**** EXERCISE MATERIALS ****

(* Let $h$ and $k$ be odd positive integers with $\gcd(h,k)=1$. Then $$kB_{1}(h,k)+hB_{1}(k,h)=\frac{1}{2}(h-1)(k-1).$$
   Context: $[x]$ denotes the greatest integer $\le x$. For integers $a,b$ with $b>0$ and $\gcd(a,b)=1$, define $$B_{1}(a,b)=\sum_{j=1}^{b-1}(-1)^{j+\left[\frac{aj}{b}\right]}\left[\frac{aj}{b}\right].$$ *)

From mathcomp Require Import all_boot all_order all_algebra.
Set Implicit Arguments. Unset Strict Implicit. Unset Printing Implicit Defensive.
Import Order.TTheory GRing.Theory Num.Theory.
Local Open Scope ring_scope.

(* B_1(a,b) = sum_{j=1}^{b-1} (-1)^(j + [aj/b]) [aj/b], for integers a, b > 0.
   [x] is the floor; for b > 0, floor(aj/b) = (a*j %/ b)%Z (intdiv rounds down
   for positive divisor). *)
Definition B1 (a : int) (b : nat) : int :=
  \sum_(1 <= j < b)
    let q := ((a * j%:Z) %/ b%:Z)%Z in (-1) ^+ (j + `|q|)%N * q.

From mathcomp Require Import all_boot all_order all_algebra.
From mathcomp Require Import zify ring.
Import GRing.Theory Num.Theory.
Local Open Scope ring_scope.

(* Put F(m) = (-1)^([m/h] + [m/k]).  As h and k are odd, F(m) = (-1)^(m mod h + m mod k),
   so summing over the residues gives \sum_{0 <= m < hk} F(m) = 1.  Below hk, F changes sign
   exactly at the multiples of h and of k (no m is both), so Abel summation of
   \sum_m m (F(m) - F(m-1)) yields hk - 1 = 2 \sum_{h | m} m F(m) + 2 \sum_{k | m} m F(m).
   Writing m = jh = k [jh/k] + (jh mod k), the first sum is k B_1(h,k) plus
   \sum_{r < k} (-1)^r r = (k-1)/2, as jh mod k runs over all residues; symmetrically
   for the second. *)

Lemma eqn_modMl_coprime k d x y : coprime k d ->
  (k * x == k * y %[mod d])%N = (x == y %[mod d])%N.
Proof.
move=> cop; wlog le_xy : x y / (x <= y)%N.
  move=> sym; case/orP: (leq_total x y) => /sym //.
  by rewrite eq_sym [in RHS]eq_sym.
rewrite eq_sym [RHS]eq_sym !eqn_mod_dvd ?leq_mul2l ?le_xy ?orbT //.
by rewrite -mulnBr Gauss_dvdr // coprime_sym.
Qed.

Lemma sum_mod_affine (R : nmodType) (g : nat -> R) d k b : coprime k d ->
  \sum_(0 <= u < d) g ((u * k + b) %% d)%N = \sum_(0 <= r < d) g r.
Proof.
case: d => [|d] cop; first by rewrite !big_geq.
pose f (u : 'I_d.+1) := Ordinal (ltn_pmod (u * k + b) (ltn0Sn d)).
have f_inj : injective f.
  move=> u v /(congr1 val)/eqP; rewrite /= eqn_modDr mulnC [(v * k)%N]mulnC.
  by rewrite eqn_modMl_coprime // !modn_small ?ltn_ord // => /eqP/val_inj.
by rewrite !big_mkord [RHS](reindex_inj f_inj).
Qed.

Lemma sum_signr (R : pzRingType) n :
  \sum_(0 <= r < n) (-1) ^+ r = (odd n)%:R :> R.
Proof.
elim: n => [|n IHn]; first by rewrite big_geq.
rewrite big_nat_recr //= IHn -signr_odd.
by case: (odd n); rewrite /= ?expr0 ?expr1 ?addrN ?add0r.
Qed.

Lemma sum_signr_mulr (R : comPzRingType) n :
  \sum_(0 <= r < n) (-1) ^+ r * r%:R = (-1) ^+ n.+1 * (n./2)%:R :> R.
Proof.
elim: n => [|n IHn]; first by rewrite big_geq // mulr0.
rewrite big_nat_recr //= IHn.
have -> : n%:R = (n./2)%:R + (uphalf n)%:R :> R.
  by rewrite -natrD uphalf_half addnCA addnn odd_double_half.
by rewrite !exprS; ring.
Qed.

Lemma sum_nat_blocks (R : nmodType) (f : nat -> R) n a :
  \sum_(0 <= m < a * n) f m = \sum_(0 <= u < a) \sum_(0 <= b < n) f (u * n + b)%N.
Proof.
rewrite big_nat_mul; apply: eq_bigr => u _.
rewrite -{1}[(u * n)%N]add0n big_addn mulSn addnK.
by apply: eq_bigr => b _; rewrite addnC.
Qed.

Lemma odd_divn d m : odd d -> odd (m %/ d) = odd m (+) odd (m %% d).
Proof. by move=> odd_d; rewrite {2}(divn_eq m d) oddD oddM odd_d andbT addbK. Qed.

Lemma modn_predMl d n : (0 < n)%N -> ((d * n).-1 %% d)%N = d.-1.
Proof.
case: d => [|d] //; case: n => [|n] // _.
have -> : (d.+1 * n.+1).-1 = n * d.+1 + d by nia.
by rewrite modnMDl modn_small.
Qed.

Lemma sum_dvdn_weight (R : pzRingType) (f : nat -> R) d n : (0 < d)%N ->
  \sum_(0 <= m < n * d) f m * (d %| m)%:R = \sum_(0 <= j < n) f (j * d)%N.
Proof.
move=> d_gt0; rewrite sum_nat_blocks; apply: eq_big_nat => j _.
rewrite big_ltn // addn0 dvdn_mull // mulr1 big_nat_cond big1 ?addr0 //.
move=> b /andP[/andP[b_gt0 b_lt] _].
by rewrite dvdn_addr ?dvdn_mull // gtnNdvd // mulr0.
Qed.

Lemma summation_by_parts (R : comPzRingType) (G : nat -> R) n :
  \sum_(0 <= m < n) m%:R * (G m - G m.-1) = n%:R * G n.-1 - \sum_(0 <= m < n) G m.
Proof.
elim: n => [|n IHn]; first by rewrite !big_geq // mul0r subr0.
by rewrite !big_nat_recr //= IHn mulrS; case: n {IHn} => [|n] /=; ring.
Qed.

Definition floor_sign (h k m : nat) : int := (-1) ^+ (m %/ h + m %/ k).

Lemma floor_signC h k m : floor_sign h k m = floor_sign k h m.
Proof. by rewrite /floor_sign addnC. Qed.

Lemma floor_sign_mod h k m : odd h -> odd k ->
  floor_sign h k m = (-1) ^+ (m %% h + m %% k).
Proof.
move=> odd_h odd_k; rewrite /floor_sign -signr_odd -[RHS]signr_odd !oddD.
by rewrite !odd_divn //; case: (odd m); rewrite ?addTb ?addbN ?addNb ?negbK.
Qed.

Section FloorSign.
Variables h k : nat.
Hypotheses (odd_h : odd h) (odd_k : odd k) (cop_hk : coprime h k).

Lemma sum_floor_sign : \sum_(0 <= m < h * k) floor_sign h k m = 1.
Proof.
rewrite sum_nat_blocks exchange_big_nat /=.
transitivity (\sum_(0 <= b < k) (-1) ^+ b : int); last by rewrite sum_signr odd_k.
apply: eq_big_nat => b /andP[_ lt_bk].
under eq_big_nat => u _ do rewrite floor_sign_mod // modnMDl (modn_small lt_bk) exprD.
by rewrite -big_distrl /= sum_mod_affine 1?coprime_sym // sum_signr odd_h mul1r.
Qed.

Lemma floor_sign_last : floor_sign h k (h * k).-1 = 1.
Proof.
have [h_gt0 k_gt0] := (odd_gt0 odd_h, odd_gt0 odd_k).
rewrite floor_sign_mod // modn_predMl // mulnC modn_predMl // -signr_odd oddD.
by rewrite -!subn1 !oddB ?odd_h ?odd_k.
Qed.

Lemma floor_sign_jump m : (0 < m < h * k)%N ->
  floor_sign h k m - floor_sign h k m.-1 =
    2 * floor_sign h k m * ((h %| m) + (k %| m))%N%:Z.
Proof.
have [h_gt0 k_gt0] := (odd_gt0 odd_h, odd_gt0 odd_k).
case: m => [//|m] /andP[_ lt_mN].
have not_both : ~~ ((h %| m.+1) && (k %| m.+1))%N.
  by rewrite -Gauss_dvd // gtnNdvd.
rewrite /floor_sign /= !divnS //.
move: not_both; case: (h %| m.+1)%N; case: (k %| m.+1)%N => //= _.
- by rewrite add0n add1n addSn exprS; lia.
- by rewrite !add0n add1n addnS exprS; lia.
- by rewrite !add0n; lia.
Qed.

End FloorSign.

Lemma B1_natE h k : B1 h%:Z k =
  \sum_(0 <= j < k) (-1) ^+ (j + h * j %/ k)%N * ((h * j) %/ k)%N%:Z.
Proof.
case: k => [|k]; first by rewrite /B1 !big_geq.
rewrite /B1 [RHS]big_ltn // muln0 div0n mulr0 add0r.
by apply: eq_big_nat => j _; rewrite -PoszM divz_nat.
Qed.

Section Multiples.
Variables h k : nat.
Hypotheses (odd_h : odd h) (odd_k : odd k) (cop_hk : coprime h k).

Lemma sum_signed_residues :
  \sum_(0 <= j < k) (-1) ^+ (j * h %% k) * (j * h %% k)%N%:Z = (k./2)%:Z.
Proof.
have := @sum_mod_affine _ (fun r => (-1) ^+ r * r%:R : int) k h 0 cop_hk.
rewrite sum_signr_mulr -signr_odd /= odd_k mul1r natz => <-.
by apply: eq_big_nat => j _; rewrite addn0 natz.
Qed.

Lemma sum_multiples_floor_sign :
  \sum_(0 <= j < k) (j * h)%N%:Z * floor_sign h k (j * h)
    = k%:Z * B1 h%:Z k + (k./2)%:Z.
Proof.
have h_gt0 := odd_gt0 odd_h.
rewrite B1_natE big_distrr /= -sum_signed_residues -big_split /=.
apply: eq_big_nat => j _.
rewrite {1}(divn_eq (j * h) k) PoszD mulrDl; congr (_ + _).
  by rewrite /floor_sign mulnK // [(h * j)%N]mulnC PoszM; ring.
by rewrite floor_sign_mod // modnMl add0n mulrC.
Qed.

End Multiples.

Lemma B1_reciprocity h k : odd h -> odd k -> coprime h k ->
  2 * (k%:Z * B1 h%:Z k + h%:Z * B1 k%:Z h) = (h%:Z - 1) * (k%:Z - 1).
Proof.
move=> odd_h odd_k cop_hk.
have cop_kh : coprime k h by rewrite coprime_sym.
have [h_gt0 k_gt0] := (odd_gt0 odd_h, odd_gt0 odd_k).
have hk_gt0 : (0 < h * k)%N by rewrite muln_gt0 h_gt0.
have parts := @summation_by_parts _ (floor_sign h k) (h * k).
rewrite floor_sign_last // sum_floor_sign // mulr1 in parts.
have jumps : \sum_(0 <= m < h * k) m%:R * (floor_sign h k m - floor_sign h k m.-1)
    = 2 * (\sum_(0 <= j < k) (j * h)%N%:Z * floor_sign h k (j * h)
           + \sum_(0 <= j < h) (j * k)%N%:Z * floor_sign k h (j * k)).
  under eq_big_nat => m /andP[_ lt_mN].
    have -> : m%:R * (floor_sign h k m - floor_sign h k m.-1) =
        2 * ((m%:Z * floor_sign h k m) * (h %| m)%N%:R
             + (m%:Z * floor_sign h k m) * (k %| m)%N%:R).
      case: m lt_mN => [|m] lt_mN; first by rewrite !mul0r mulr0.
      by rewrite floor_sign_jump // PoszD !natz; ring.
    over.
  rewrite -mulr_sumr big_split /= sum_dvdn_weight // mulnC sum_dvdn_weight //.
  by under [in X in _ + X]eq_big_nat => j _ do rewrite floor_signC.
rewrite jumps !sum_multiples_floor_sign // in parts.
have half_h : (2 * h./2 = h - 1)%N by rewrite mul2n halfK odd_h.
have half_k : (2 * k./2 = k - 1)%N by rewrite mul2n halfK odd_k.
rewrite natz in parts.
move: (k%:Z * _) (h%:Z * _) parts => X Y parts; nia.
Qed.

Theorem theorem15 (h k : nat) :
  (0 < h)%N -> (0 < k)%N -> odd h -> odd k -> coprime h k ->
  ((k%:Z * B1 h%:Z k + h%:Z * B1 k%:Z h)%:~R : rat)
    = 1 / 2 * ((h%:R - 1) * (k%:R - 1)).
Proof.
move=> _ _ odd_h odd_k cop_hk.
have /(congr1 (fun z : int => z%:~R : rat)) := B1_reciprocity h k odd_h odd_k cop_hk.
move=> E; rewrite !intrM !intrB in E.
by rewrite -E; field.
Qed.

****

TASK INSTRUCTIONS
Please reproduce, exactly as written, the lines of the records from the first line through the one containing "integers a, b > 0.".

SOLUTION
(* Let $h$ and $k$ be odd positive integers with $\gcd(h,k)=1$. Then $$kB_{1}(h,k)+hB_{1}(k,h)=\frac{1}{2}(h-1)(k-1).$$
   Context: $[x]$ denotes the greatest integer $\le x$. For integers $a,b$ with $b>0$ and $\gcd(a,b)=1$, define $$B_{1}(a,b)=\sum_{j=1}^{b-1}(-1)^{j+\left[\frac{aj}{b}\right]}\left[\frac{aj}{b}\right].$$ *)

From mathcomp Require Import all_boot all_order all_algebra.
Set Implicit Arguments. Unset Strict Implicit. Unset Printing Implicit Defensive.
Import Order.TTheory GRing.Theory Num.Theory.
Local Open Scope ring_scope.

(* B_1(a,b) = sum_{j=1}^{b-1} (-1)^(j + [aj/b]) [aj/b], for integers a, b > 0.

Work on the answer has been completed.